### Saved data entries
-- Opening Marker --

(* Let $l_2$ be an even positive integer and $l_3$ an odd integer with $l_3>1$, and let $G=\Theta(1,l_2,l_3)$. Then $G$ is enumeratively chromatic-choosable.
   Context: For positive integers $l_1,l_2,l_3$, the theta graph $\Theta(l_1,l_2,l_3)$ consists of two end vertices joined by three internally disjoint paths of lengths (numbers of edges) $l_1,l_2,l_3$. An $m$-assignment $L$ for a graph $G$ assigns to each vertex $v$ a set $L(v)$ of $m$ colors; $P(G,L)$ is the number of proper colorings $f$ of $G$ with $f(v)\in L(v)$ for all $v$. $P(G,m)$ is the chromatic polynomial, and the list color function $P_\ell(G,m)$ is the minimum of $P(G,L)$ over all $m$-assignments $L$. $G$ is enumeratively chromatic-choosable if $P_\ell(G,m)=P(G,m)$ for all $m\in\mathbb{N}$. *)

From mathcomp Require Import all_boot.
Set Implicit Arguments. Unset Strict Implicit. Unset Printing Implicit Defensive.

Definition proper_col (T : finType) (e : rel T) (c : T -> nat) : bool :=
  [forall x, forall y, e x y ==> (c x != c y)].

Definition m_assignment (T : finType) (m : nat) (L : T -> seq nat) : Prop :=
  forall v, size (L v) = m /\ uniq (L v).

(* P(G,L) for an m-assignment L: number of proper colourings f with f v \in L v.
   Such a colouring is encoded by the choice of an index in 'I_m into each list
   L v; since the lists are duplicate-free this is a bijection. *)
Definition P_list (T : finType) (e : rel T) (m : nat) (L : T -> seq nat) : nat :=
  #|[set f : {ffun T -> 'I_m} | proper_col e (fun v => nth 0 (L v) (f v))]|.

Definition chrom_poly (T : finType) (e : rel T) (m : nat) : nat :=
  #|[set f : {ffun T -> 'I_m} | proper_col e (fun v => nat_of_ord (f v))]|.

Definition is_list_color_fun (T : finType) (e : rel T) (m k : nat) : Prop :=
  (exists L, m_assignment m L /\ P_list e m L = k) /\
  (forall L, m_assignment m L -> k <= P_list e m L).

Definition enum_chromatic_choosable (T : finType) (e : rel T) : Prop :=
  forall m : nat, is_list_color_fun e m (chrom_poly e m).

(* Theta graph Theta(l1,l2,l3) on vertex set 'I_(l1+l2+l3-1):
   vertex 0 and 1 are the two end vertices; the internal vertices of path j
   (of length l_j) are numbered consecutively after those of earlier paths. *)
Definition theta_pv (o l k : nat) : nat :=
  if k == 0 then 0 else if k == l then 1 else o + k + 1.
Lemma block_l2_le_beta_gnorm (x : nat -> R) i : (i < m)%nat ->
  sqrt (lsum (block n grp i) (fun j => x j ^ 2)) <= beta p n m grp * gnorm p n grp x i.
Proof.
  intros Hi. rewrite gnorm_lp_norm.
  eapply Rle_trans; [apply l2_le_lp_norm; [exact Hp|apply block_nonempty, Hi]|].
  apply Rmult_le_compat_r; [apply lp_norm_nonneg|].
  apply Rmax_lub; [apply one_le_beta|].
  apply (lmax_ge 1 (seq 0 m) (fun i => Rpower (INR (card_group n grp i)) (beta_exp p))).
  apply in_seq. lia.
Qed.

Variable (d rho : R).

Lemma xrho_on_block (x : vec n) i j : In j (block n grp i) ->
  xrho p n grp d rho x j = if Rle_dec (rho * gnorm p n grp x i) d then 0 else x j.
Proof.
  intros Hj. apply filter_In in Hj. destruct Hj as [_ Hj].
  apply Nat.eqb_eq in Hj. simpl. unfold xrho_fun. rewrite Hj. reflexivity.
Qed.

Lemma enorm_xrho_le (x : vec n) :
  enorm (xrho p n grp d rho x) x
  <= lsum (seq 0 m) (fun i =>
       if Rle_dec (rho * gnorm p n grp x i) d then beta p n m grp * gnorm p n grp x i else 0).
Proof.
  unfold enorm. change (rsum n ?F) with (lsum (seq 0 n) F).
  rewrite (lsum_partition grp m) by (intros j Hj; apply in_seq in Hj; apply (proj1 Hpart); lia).
  eapply Rle_trans; [apply sqrt_lsum_le; intros; apply lsum_nonneg; intros; apply pow2_ge_0|].
  apply lsum_le. intros i Hi. apply in_seq in Hi. fold (block n grp i).
  rewrite (lsum_ext _ _ (fun j => if Rle_dec (rho * gnorm p n grp x i) d then x j ^ 2 else 0))
    by (intros j Hj; rewrite (xrho_on_block x i j Hj); destruct (Rle_dec _ _); ring).
  destruct (Rle_dec _ _).
  - apply block_l2_le_beta_gnorm. lia.
  - rewrite lsum_zero, sqrt_0 by auto. lra.
Qed.
(* Let $\mathcal{X}\subset\mathbb{R}^d$ be compact with diameter $|\mathcal{X}|=\max_{x,x'\in\mathcal{X}}\|x-x'\|$, and let $\epsilon>0$, $\delta\in(0,1)$. Let $\{(x_i,y_i)\}_{i=1}^M\subset\mathcal{X}\times\mathbb{R}$ be a training set and $\sigma_y^2=\frac1M\sum_{i=1}^M y_i^2$. Let $f$ be the quantum (VQC) model with $L$ Pauli encoding gates on each of the $d$ input dimensions, with full freedom on its Fourier coefficients, trained by ridge regression with regularization $\lambda>0$. Let $\tilde f$ be the Random Fourier Features model with $D$ frequencies obtained by distinct sampling, trained on the same dataset with the same regularization $\lambda$. Then $|f(x)-\tilde f(x)|\le\epsilon$ holds with probability at least $1-\delta$ for a number of samples $$D=\Omega\!\left(\frac{d\,C_1(1+\lambda)^2}{\lambda^4\epsilon^2}\left[\log(dL^2|\mathcal{X}|)+\log\frac{C_2(1+\lambda)}{\epsilon\lambda^2}-\log\delta\right]\right),$$ where $C_1,C_2$ are constants depending only on $\sigma_y$ and $|\mathcal{X}|$, and $\Omega(\cdot)$ denotes the asymptotic ''Big-Omega'' lower-bound notation.
   Context: Pauli encoding: each of the $L$ encoding gates per input coordinate $x_k$ has the form $e^{-i x_k \sigma/2}$ with $\sigma$ a Pauli matrix, so the frequency spectrum of the model is $\Omega=\{-L,\dots,L\}^d\subset\mathbb{Z}^d$. A VQC model ''with full freedom on the Fourier coefficients'' is any function $f(x)=\sum_{\omega\in\Omega}a_\omega\cos(\omega^Tx)+b_\omega\sin(\omega^Tx)$ with arbitrary real coefficients, i.e. a linear model $\mathbf{w}^T\phi(x)$ with feature vector $\phi(x)=\frac{1}{\sqrt{|\Omega|}}(\cos(\omega^Tx),\sin(\omega^Tx))_{\omega\in\Omega}$; equivalently a kernel ridge regression with the shift-invariant kernel $k(x,x')=\frac1{|\Omega|}\sum_{\omega\in\Omega}\cos(\omega^T(x-x'))$. Training with regularization $\lambda$ means minimizing $\frac1M\sum_i|\mathbf{w}^T\phi(x_i)-y_i|^2+\lambda\|\mathbf{w}\|^2$. Distinct sampling RFF model: sample $D$ frequencies $\omega_1,\dots,\omega_D$ i.i.d. uniformly from $\Omega$, set $\tilde\phi(x)=\frac1{\sqrt D}(\cos(\omega_j^Tx),\sin(\omega_j^Tx))_{j=1}^D$, and let $\tilde f(x)=\tilde{\mathbf{w}}^T\tilde\phi(x)$ where $\tilde{\mathbf{w}}$ solves the same ridge regression problem with $\tilde\phi$ in place of $\phi$. *)

From HB Require Import structures.
From mathcomp Require Import all_boot all_order all_algebra.
From mathcomp Require Import all_classical all_reals all_analysis.
Set Implicit Arguments. Unset Strict Implicit. Unset Printing Implicit Defensive.
Import Order.TTheory GRing.Theory Num.Theory.
Import numFieldNormedType.Exports.
Local Open Scope classical_set_scope.
Local Open Scope ring_scope.
(* For $|q|<1$ and $m\in\mathbb Z$ define $$f_m(q)=\sum_{n,k\ge0}(-1)^kq^{n(n+1)+k(k+1)/2-nk+mn}\frac{(q;q)_{n+k}}{(q;q)_n^3(q;q)_k}.$$ Then $$f_{-1}(q)=(q;q)_\infty\sum_{n\ge0}\frac{q^{n(n+1)}}{(q;q)_n^3},\qquad f_{-2}(q)=(q;q)_\infty\sum_{n\ge0}(2-q^n)\frac{q^{n(n+1)}}{(q;q)_n^3},$$ $$f_{-3}(q)=(q;q)_\infty\sum_{n\ge0}\Big((3+q^{-1})-(2+2q^{-1})q^n+q^{2n-1}\Big)\frac{q^{n(n+1)}}{(q;q)_n^3}.$$
   Context: $(a;q)_n=\prod_{j=0}^{n-1}(1-aq^j)$ and $(q;q)_\infty=\prod_{j\ge1}(1-q^j)$, for $|q|<1$. The double series converges absolutely since $n^2-nk+k^2/2$ is a positive definite quadratic form. *)

From Stdlib Require Import Reals ZArith.
From Coquelicot Require Import Coquelicot.
Open Scope C_scope.

Fixpoint cpow (x : C) (n : nat) : C :=
  match n with O => 1 | S n' => x * cpow x n' end.

(* integer power x^z in C (x^(-n) = 1/x^n, meaningful for x <> 0) *)
Definition cpowZ (x : C) (z : Z) : C :=
  match z with
  | Z0 => 1
  | Zpos p => cpow x (Pos.to_nat p)
  | Zneg p => / cpow x (Pos.to_nat p)
  end.

Fixpoint qpoch (a q : C) (n : nat) : C :=
  match n with O => 1 | S n' => qpoch a q n' * (1 - a * cpow q n') end.

Definition is_qpoch_inf (q P : C) : Prop :=
  filterlim (fun N => qpoch q q N) eventually (locally P).

(* exponent n(n+1) + k(k+1)/2 - nk + mn  (k(k+1) is even, so exact) *)
Definition fexp (m : Z) (n k : nat) : Z :=
  let n' := Z.of_nat n in let k' := Z.of_nat k in
  n' * (n' + 1) + (k' * (k' + 1)) / 2 - n' * k' + m * n'.

Definition fterm (m : Z) (q : C) (n k : nat) : C :=
  cpow (-1) k * cpowZ q (fexp m n k)
  * (qpoch q q (n + k) / (cpow (qpoch q q n) 3 * qpoch q q k)).

(* f_m(q) = F : the double series (summed as the iterated series over n of
   the series over k; it converges absolutely) has sum F *)
Definition is_f (m : Z) (q F : C) : Prop :=
  exists g : nat -> C,
    (forall n, is_series (fun k => fterm m q n k) (g n)) /\ is_series g F.

Definition bterm (q : C) (n : nat) : C :=
  cpow q (n * (n + 1)) / cpow (qpoch q q n) 3.

(* Expanding (q;q)_(n+k) = (q;q)_n (q^(n+1);q)_k by the q-binomial theorem splits the
   k-sum of f_m into a double sum over j + l = k whose l-series is Euler's expansion of
   (q^(j-n+1);q)_oo = (q;q)_oo / (q;q)_(j-n), which vanishes for j < n.  Every summand is
   dominated by a product of geometric sequences, so the order of summation is free, and
   f_m = (q;q)_oo sum_j q^(j(j+1)) B_(m+1)(j) / (q;q)_j with the finite sums
   B_a(j) = sum_(n<=j) q^(n^2+an) / ((q;q)_n^2 (q;q)_(j-n)).  By q-Chu-Vandermonde
   B_0(j) = 1/(q;q)_j^2, and B_(-1), B_(-2) follow from the Pascal-type recurrence
   B_a(j+1) = B_a(j) + q^(j+1) B_(a-1)(j+1).  At q = 0 the series are finite. *)

From Stdlib Require Import Reals ZArith Lia Lra ClassicalEpsilon.
From Coquelicot Require Import Coquelicot.
Open Scope C_scope.

(* Coquelicot states sums in the carrier of [C_NormedModule], where [ring] and [field]
   do not recognise the field structure of [C]. *)
Ltac to_C := lazymatch goal with |- ?a = ?b => change (@eq C a b) end.
Ltac ring_C := to_C; ring.

Lemma filterlim_C_eps (f : nat -> C) (l : C) :
  filterlim f eventually (locally l) <->
  (forall eps : posreal, exists N, forall n, (N <= n)%nat -> Cmod (f n - l) < eps).
Proof.
  rewrite (filterlim_locally_ball_norm (F := eventually)).
  split; intros H eps; destruct (H eps) as [N HN]; exists N; exact HN.
Qed.

Lemma C_eq_of_Cmod_sub_lt (x y : C) : (forall eps : posreal, Cmod (x - y) < eps) -> x = y.
Proof.
  intros H. destruct (Req_dec (Cmod (x - y)) 0) as [h|h].
  - apply Cmod_eq_0 in h. replace x with ((x - y) + y) by ring. rewrite h. ring.
  - assert (hp : 0 < Cmod (x - y)) by (assert (h' := Cmod_ge_0 (x - y)); lra).
    specialize (H (mkposreal _ hp)). simpl in H. lra.
Qed.

Lemma is_series_C_eps (a : nat -> C) (l : C) :
  is_series a l <->
  (forall eps : posreal, exists N, forall n, (N <= n)%nat -> Cmod (sum_n a n - l) < eps).
Proof. apply filterlim_C_eps. Qed.

Lemma is_series_C_unique (a : nat -> C) (x y : C) : is_series a x -> is_series a y -> x = y.
Proof. apply filterlim_locally_unique. Qed.

Lemma sum_n_SC (a : nat -> C) n : sum_n a (S n) = sum_n a n + a (S n).
Proof. rewrite sum_Sn. reflexivity. Qed.

Lemma sum_n_scal_lC (c : C) (a : nat -> C) n : sum_n (fun j => c * a j) n = c * sum_n a n.
Proof. induction n; rewrite ?sum_O, ?sum_n_SC, ?IHn; ring_C. Qed.

Lemma sum_n_plusC (a b : nat -> C) n : sum_n (fun j => a j + b j) n = sum_n a n + sum_n b n.
Proof. induction n; rewrite ?sum_O, ?sum_n_SC, ?IHn; ring_C. Qed.

Lemma sum_n_minusC (a b : nat -> C) n : sum_n (fun j => a j - b j) n = sum_n a n - sum_n b n.
Proof. induction n; rewrite ?sum_O, ?sum_n_SC, ?IHn; ring_C. Qed.

Lemma sum_n_shift_l (a : nat -> C) n : sum_n a (S n) = a 0%nat + sum_n (fun j => a (S j)) n.
Proof. induction n; rewrite sum_n_SC, ?sum_O, ?IHn, ?sum_n_SC; ring_C. Qed.

Lemma sum_n_telescope (a : nat -> C) n : sum_n (fun i => a (S i) - a i) n = a (S n) - a 0%nat.
Proof. induction n; rewrite ?sum_O, ?sum_n_SC, ?IHn; ring_C. Qed.

Lemma Cmod_sum_n_le (a : nat -> C) n : Cmod (sum_n a n) <= sum_n (fun k => Cmod (a k)) n.
Proof.
  induction n; rewrite ?sum_O, ?sum_n_SC, ?sum_Sn; [lra|].
  simpl; unfold plus; simpl. eapply Rle_trans; [apply Cmod_triangle|lra].
Qed.

Lemma sum_n_mono_R (b : nat -> R) n m :
  (forall k, 0 <= b k) -> (n <= m)%nat -> sum_n b n <= sum_n b m.
Proof.
  intros Hb Hnm; induction Hnm as [|m _ IH]; [lra|].
  rewrite sum_Sn; specialize (Hb (S m)); simpl in *; unfold plus; simpl; lra.
Qed.

Lemma sum_n_le_is_series (b : nat -> R) B n :
  (forall k, 0 <= b k) -> is_series b B -> sum_n b n <= B.
Proof.
  intros Hb HB.
  apply (filterlim_le (F := eventually) (fun _ => sum_n b n) (sum_n b) (sum_n b n) B).
  - exists n; intros; apply sum_n_mono_R; auto.
  - apply is_lim_seq_const.
  - exact HB.
Qed.

Lemma is_series_Cmod_le (a : nat -> C) (b : nat -> R) A B :
  is_series a A -> is_series b B -> (forall k, Cmod (a k) <= b k) -> Cmod A <= B.
Proof.
  intros HA HB Hab.
  apply (filterlim_le (F := eventually) (fun n => Cmod (sum_n a n)) (sum_n b) (Cmod A) B).
  - exists 0%nat; intros n _. eapply Rle_trans; [apply Cmod_sum_n_le|].
    apply sum_n_m_le. exact Hab.
  - exact (filterlim_comp _ _ _ (sum_n a) norm eventually (locally A) _ HA
             (filterlim_norm (V := C_NormedModule) A)).
  - exact HB.
Qed.

Lemma ex_series_C_le (a : nat -> C) (b : nat -> R) :
  (forall k, Cmod (a k) <= b k) -> ex_series b -> exists A, is_series a A.
Proof.
  intros H Hb. apply (ex_series_le (K := C_AbsRing) (V := C_CompleteNormedModule) a b); auto.
Qed.

Lemma is_series_C_finite (a : nat -> C) N :
  (forall j, (N < j)%nat -> a j = 0) -> is_series a (sum_n a N).
Proof.
  intros H. apply is_series_C_eps. intros eps. exists N. intros n Hn.
  replace (sum_n a n) with (sum_n a N).
  - replace (sum_n a N - sum_n a N) with (RtoC 0) by ring. rewrite Cmod_0. apply cond_pos.
  - induction Hn as [|n Hn IH]; [reflexivity|].
    rewrite sum_n_SC, <- IH, H by lia. symmetry; apply Cplus_0_r.
Qed.

Lemma is_series_C_tail (a : nat -> C) (L : C) n :
  is_series a L -> is_series (fun k => a (S n + k)%nat) (L - sum_n a n).
Proof.
  intros H. apply (is_series_incr_n a (S n)); [lia|]. simpl.
  assert (E : plus (L - sum_n a n) (sum_n a n) = L).
  { change (L - sum_n a n + sum_n a n = L). ring. }
  rewrite <- E in H. exact H.
Qed.

Lemma is_series_C_leading_zeros (a : nat -> C) j L : (forall k, (k < j)%nat -> a k = 0) ->
  is_series (fun l => a (j + l)%nat) L -> is_series a L.
Proof.
  intros H HL. destruct j as [|j]; [exact HL|].
  apply (is_series_decr_n (K := C_AbsRing) (V := C_NormedModule) a (S j)); [lia|].
  assert (E : forall i, (i <= j)%nat -> sum_n a i = RtoC 0).
  { clear HL. induction i; intros Hi; [rewrite sum_O; apply H; lia|].
    rewrite sum_n_SC, IHi, H by lia. apply Cplus_0_r. }
  simpl Init.Nat.pred. change (is_series (fun l => a (S j + l)%nat) (L + - sum_n a j)).
  rewrite E by lia. change (is_series (fun l => a (S j + l)%nat) (L + - 0)).
  rewrite Copp_0, Cplus_0_r. exact HL.
Qed.

Lemma is_series_geom_shift (c r : R) (m : nat) : 0 <= r < 1 ->
  is_series (fun k => c * r ^ (m + k))%R (c * r ^ m / (1 - r))%R.
Proof.
  intros Hr.
  assert (H := is_series_geom r ltac:(rewrite Rabs_pos_eq; lra)).
  apply (is_series_scal (c * r ^ m)%R) in H.
  eapply is_series_ext; [|exact H]. intro n. unfold scal; simpl; unfold mult; simpl.
  rewrite pow_add. ring.
Qed.
Lemma rat_sqr_nat (w : rat) (n : nat) :
  w ^+ 2 = n%:R -> exists k : nat, n = (k ^ 2)%N.
Proof.
move=> Ew.
have Eint : numq w ^+ 2 = n%:Z * denq w ^+ 2.
  apply: (@intr_inj rat); rewrite rmorphXn rmorphM rmorphXn /= numqE exprMn Ew.
  by rewrite pmulrn.
have Enat : (`|numq w| ^ 2 = n * `|denq w| ^ 2)%N by rewrite -!abszX Eint abszM.
have den1 : `|denq w|%N = 1%N.
  have cop : coprime (`|denq w| ^ 2) (`|numq w| ^ 2).
    by rewrite coprimeXl // coprimeXr // coprime_sym coprime_num_den.
  have /coprime_dvdr/(_ cop) : (`|denq w| ^ 2 %| `|numq w| ^ 2)%N.
    by rewrite Enat dvdn_mull.
  by rewrite /coprime gcdnn => /eqP; nia.
by exists `|numq w|%N; rewrite Enat den1 muln1.
Qed.

Lemma squarefree_nonsquare (D : nat) : (1 < D)%N -> squarefree D ->
  forall k : nat, D <> (k ^ 2)%N.
Proof.
move=> D_gt1 sqf k ED; have k_gt1 : (1 < k)%N by rewrite ED in D_gt1; nia.
by have := sqf _ (pdiv_prime k_gt1); rewrite ED dvdn_exp2r ?pdiv_dvd.
Qed.

Definition qnorm (D : nat) (u v : rat) : rat := u ^+ 2 - D%:R * v ^+ 2.

Lemma qnormM (D : nat) (u v u' v' : rat) :
  qnorm D (u * u' + D%:R * v * v') (u * v' + u' * v) = qnorm D u v * qnorm D u' v'.
Proof. by rewrite /qnorm; ring. Qed.

Section QuadraticCoordinates.

Variables (R : rcfType) (D : nat).

Local Notation sqrtD := (sqD R D).
Local Notation qcoord u v := (ratr u + ratr v * sqrtD).

Lemma sqD_sqr : sqrtD ^+ 2 = D%:R.
Proof. by rewrite sqr_sqrtr // ler0n. Qed.

Lemma qcoordM (u v u' v' : rat) :
  qcoord u v * qcoord u' v' = qcoord (u * u' + D%:R * v * v') (u * v' + u' * v).
Proof. by rewrite !rmorphD !rmorphM /= rmorph_nat -sqD_sqr; ring. Qed.

Lemma qcoord_conj (u v : rat) :
  qcoord u v * (ratr u - ratr v * sqrtD) = ratr (qnorm D u v).
Proof. by rewrite /qnorm rmorphB !rmorphXn rmorphM /= rmorph_nat -sqD_sqr; ring. Qed.

Lemma inOK_qcoord (x : R) : inOK D x -> exists u v : rat,
  [/\ x = qcoord u v, exists t : int, 2 * u = t%:~R & exists n : int, qnorm D u v = n%:~R].
Proof.
move=> [a [b ->]]; rewrite /omegaK /qnorm; case: ifP => [/eqP D_mod4 | _].
  have ED : D%:R = 4 * (D %/ 4)%:R + 1 :> rat.
    by rewrite {1}(divn_eq D 4) D_mod4 natrD natrM mulrC.
  exists (a%:~R + b%:~R / 2), (b%:~R / 2); split.
  - by rewrite !rmorphD !rmorphM /= !fmorphV /= !ratr_int rmorph_nat; field.
  - by exists (2 * a + b); rewrite rmorphD rmorphM /=; field.
  - exists (a ^+ 2 + a * b - (D %/ 4)%:Z * b ^+ 2).
    by rewrite ED !(rmorphB, rmorphD, rmorphM, rmorphXn) /= -pmulrn; field.
exists a%:~R, b%:~R; split.
- by rewrite !ratr_int.
- by exists (2 * a); rewrite rmorphM.
- by exists (a ^+ 2 - D%:Z * b ^+ 2); rewrite rmorphB !rmorphXn rmorphM rmorphXn.
Qed.

Hypothesis D_nonsquare : forall k : nat, D <> (k ^ 2)%N.

Lemma qcoord_eq0 (u v : rat) : qcoord u v = 0 -> u = 0 /\ v = 0.
Proof.
move=> E; suff v0 : v = 0.
  by move: E; rewrite v0 rmorph0 mul0r addr0 => /eqP; rewrite fmorph_eq0 => /eqP.
apply/eqP; apply: contraT => v_neq0; exfalso.
have Es : sqrtD = ratr (- u / v).
  have Evs : - ratr u = ratr v * sqrtD by apply/eqP; rewrite eq_sym -addr_eq0 addrC E.
  by rewrite fmorph_div rmorphN /= Evs mulrC mulKf // fmorph_eq0.
have [k Dk] : exists k : nat, D = (k ^ 2)%N.
  apply: (@rat_sqr_nat (- u / v)); apply: (fmorph_inj (@ratr R)).
  by rewrite rmorphXn /= -Es sqD_sqr rmorph_nat.
exact: D_nonsquare Dk.
Qed.
Lemma inf_image_mul_le E : measurable E ->
  inf (f @` E) * mu E <= mu (E `&` C) + eps * mu E.
Proof.
move=> mE; have muE_ge0 : 0 <= mu E by exact: mu_pos.2.
have f_lb : has_lbound (f @` E) by exists 0 => _ [y _ <-]; case/andP: (f01 y).
have inf_le x : E x -> inf (f @` E) <= f x by move/(imageP f); exact: ge_inf.
have [EC|/nonsubset[x [Ex nCx]]] := pselect (E `<=` C).
  rewrite setIidl // -[X in X <= _]addr0 mulrC.
  apply: lerD; last exact: mulr_ge0.
  rewrite ler_piMr //; have [->|/set0P[x Ex]] := eqVneq E set0.
    by rewrite image_set0 inf0.
  exact: le_trans (inf_le x Ex) (andP (f01 x)).2.
apply: le_trans (ler_wpM2r muE_ge0 (le_trans (inf_le x Ex) (f_le_eps x nCx))) _.
by rewrite lerDr; apply/mu_pos.2/measurableI.
Qed.

Lemma fa_integral_le : fa_integral f mu <= mu C + eps * mu setT.
Proof.
have [mu_fa _] := mu_pos.
apply: ge_sup.
  exists (lower_sum f mu 1 (fun=> setT)), 1%N, (fun=> setT); split=> //.
  split=> // [i j|]; first by rewrite !ltnS !leqn0 => /eqP -> /eqP ->.
  by apply/seteqP; split=> // x _; exists 0%N.
move=> _ [n [E [partE ->]]].
rewrite -(fin_additive_partition mu_fa _ _ _ partE mC).
rewrite -(fin_additive_partition mu_fa _ _ _ partE measurableT).
rewrite mulr_sumr -big_split; apply: ler_sum => i _.
rewrite setIT; apply: inf_image_mul_le.
by case: partE => + _ _; apply.
Qed.

End integral_bound.

Lemma transition_superlevel_measurable (p : X -> set X -> R) E (eps : R) :
  transition_function p -> measurable E -> measurable [set x | eps < p x E].
Proof.
case=> _ _ p_meas _ mE; have [mpE _] := p_meas E mE.
have := mpE measurableT _ (measurable_itv `]eps, +oo[); rewrite setTI.
by congr measurable; apply/seteqP; split=> x /=; rewrite in_itv /= andbT.
Qed.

-- Closing Marker --

### Directions
Find the line that contains "exact: le_trans (inf_le" in the data above. Reproduce it and every later line exactly, through the last one.

### Exercise result
  exact: le_trans (inf_le x Ex) (andP (f01 x)).2.
apply: le_trans (ler_wpM2r muE_ge0 (le_trans (inf_le x Ex) (f_le_eps x nCx))) _.
by rewrite lerDr; apply/mu_pos.2/measurableI.
Qed.

Lemma fa_integral_le : fa_integral f mu <= mu C + eps * mu setT.
Proof.
have [mu_fa _] := mu_pos.
apply: ge_sup.
  exists (lower_sum f mu 1 (fun=> setT)), 1%N, (fun=> setT); split=> //.
  split=> // [i j|]; first by rewrite !ltnS !leqn0 => /eqP -> /eqP ->.
  by apply/seteqP; split=> // x _; exists 0%N.
move=> _ [n [E [partE ->]]].
rewrite -(fin_additive_partition mu_fa _ _ _ partE mC).
rewrite -(fin_additive_partition mu_fa _ _ _ partE measurableT).
rewrite mulr_sumr -big_split; apply: ler_sum => i _.
rewrite setIT; apply: inf_image_mul_le.
by case: partE => + _ _; apply.
Qed.

End integral_bound.

Lemma transition_superlevel_measurable (p : X -> set X -> R) E (eps : R) :
  transition_function p -> measurable E -> measurable [set x | eps < p x E].
Proof.
case=> _ _ p_meas _ mE; have [mpE _] := p_meas E mE.
have := mpE measurableT _ (measurable_itv `]eps, +oo[); rewrite setTI.
by congr measurable; apply/seteqP; split=> x /=; rewrite in_itv /= andbT.
Qed.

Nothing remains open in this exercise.